→ **TASK ITEM**: Reproduce the following records exactly from the line containing "Hypothesis Hrect : forall" onward, ending with the last line and including it.

** Opening SUPPLIED ENTRIES block **

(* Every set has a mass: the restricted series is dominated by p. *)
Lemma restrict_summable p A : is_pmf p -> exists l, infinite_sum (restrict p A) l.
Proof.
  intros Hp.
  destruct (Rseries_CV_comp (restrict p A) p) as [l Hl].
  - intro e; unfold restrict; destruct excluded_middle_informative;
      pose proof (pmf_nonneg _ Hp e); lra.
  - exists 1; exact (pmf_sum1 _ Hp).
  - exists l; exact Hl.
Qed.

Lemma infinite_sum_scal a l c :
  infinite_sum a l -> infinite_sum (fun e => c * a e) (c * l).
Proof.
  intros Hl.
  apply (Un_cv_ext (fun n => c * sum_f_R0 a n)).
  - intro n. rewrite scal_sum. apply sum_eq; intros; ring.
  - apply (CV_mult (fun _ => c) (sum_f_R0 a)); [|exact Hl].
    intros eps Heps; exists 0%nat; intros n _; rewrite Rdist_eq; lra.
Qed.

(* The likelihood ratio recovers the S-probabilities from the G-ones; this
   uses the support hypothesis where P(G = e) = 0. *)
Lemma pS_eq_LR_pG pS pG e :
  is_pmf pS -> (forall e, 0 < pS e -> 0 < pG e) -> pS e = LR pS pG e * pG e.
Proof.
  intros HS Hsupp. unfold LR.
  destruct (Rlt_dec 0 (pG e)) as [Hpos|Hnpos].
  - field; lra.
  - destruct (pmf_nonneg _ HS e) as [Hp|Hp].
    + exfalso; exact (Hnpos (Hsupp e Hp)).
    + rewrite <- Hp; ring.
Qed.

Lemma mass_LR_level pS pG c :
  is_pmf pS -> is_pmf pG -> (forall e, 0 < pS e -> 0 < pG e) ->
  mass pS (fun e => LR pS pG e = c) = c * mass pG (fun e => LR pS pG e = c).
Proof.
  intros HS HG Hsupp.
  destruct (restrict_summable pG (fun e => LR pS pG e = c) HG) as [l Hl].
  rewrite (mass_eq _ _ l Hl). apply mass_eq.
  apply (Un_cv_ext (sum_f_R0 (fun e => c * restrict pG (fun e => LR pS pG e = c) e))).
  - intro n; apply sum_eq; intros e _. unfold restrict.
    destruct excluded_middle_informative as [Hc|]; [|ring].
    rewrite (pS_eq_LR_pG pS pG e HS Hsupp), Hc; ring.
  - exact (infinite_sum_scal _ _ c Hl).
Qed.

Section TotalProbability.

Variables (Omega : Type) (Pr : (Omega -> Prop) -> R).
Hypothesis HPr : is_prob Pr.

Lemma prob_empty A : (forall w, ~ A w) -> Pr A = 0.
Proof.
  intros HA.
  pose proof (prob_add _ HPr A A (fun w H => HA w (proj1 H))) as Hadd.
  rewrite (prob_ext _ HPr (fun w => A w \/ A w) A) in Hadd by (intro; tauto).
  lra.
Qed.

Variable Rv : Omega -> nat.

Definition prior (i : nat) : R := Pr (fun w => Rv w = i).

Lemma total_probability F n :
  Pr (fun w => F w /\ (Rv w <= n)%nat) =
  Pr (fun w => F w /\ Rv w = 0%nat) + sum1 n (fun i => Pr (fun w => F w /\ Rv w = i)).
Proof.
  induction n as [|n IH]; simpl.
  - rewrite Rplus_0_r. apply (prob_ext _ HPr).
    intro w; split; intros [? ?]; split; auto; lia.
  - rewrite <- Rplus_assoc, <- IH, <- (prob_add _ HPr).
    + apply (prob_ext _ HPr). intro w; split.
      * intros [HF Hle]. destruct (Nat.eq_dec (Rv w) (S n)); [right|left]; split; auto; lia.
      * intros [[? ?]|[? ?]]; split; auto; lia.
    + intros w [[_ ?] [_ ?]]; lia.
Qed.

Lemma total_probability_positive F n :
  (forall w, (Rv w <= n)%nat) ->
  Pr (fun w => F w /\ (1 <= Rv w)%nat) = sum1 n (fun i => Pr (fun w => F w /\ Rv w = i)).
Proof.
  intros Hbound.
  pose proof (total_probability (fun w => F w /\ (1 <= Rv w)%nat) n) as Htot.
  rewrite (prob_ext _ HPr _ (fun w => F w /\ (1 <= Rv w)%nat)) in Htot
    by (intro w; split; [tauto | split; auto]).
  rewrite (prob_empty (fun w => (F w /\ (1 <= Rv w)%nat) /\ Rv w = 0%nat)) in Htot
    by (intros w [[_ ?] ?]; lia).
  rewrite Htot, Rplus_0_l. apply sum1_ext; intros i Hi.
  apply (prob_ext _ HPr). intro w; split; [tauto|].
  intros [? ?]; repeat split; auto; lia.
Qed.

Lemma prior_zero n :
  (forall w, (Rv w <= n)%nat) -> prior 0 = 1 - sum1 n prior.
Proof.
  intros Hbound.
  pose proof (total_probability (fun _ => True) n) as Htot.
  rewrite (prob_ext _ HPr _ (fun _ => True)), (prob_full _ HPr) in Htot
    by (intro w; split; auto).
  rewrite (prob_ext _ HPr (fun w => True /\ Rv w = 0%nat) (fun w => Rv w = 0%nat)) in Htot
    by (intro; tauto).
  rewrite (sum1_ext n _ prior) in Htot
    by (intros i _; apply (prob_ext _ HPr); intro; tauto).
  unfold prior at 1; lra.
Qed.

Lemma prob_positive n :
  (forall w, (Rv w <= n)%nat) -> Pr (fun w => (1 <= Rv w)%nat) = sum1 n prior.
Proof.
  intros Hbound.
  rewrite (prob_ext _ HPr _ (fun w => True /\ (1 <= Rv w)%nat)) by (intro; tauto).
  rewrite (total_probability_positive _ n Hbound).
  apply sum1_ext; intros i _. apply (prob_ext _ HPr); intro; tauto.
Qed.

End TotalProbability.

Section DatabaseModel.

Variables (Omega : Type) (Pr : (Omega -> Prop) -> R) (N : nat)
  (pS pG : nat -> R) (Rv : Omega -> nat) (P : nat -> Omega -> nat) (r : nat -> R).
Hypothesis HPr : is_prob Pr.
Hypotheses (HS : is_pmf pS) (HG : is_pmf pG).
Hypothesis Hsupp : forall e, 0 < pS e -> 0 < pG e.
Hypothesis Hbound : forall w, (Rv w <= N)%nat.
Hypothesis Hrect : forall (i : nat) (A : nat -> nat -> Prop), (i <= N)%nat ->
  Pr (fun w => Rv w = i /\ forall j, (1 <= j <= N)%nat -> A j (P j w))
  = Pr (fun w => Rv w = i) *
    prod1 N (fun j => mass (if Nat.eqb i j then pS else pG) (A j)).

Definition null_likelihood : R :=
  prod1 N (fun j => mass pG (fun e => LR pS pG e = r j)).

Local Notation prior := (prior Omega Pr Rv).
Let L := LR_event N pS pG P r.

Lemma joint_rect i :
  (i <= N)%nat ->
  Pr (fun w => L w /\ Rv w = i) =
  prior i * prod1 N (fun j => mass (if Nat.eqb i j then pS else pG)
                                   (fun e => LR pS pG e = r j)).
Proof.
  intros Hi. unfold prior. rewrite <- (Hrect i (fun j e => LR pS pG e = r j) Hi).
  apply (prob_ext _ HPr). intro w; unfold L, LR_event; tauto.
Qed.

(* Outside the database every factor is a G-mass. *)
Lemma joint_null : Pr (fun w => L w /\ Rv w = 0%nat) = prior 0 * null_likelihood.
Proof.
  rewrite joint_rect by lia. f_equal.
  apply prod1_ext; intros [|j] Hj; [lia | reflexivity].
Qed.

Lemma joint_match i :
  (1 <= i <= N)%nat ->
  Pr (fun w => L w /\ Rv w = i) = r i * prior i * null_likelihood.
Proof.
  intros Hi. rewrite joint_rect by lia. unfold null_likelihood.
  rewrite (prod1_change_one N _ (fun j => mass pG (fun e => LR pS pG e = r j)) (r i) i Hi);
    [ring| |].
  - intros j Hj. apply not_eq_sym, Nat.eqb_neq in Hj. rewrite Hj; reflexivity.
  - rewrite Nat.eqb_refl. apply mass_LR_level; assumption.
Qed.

** Closing SUPPLIED ENTRIES block **

→ **COMPLETED EXERCISE**:
Hypothesis Hrect : forall (i : nat) (A : nat -> nat -> Prop), (i <= N)%nat ->
  Pr (fun w => Rv w = i /\ forall j, (1 <= j <= N)%nat -> A j (P j w))
  = Pr (fun w => Rv w = i) *
    prod1 N (fun j => mass (if Nat.eqb i j then pS else pG) (A j)).

Definition null_likelihood : R :=
  prod1 N (fun j => mass pG (fun e => LR pS pG e = r j)).

Local Notation prior := (prior Omega Pr Rv).
Let L := LR_event N pS pG P r.

Lemma joint_rect i :
  (i <= N)%nat ->
  Pr (fun w => L w /\ Rv w = i) =
  prior i * prod1 N (fun j => mass (if Nat.eqb i j then pS else pG)
                                   (fun e => LR pS pG e = r j)).
Proof.
  intros Hi. unfold prior. rewrite <- (Hrect i (fun j e => LR pS pG e = r j) Hi).
  apply (prob_ext _ HPr). intro w; unfold L, LR_event; tauto.
Qed.

(* Outside the database every factor is a G-mass. *)
Lemma joint_null : Pr (fun w => L w /\ Rv w = 0%nat) = prior 0 * null_likelihood.
Proof.
  rewrite joint_rect by lia. f_equal.
  apply prod1_ext; intros [|j] Hj; [lia | reflexivity].
Qed.

Lemma joint_match i :
  (1 <= i <= N)%nat ->
  Pr (fun w => L w /\ Rv w = i) = r i * prior i * null_likelihood.
Proof.
  intros Hi. rewrite joint_rect by lia. unfold null_likelihood.
  rewrite (prod1_change_one N _ (fun j => mass pG (fun e => LR pS pG e = r j)) (r i) i Hi);
    [ring| |].
  - intros j Hj. apply not_eq_sym, Nat.eqb_neq in Hj. rewrite Hj; reflexivity.
  - rewrite Nat.eqb_refl. apply mass_LR_level; assumption.
Qed.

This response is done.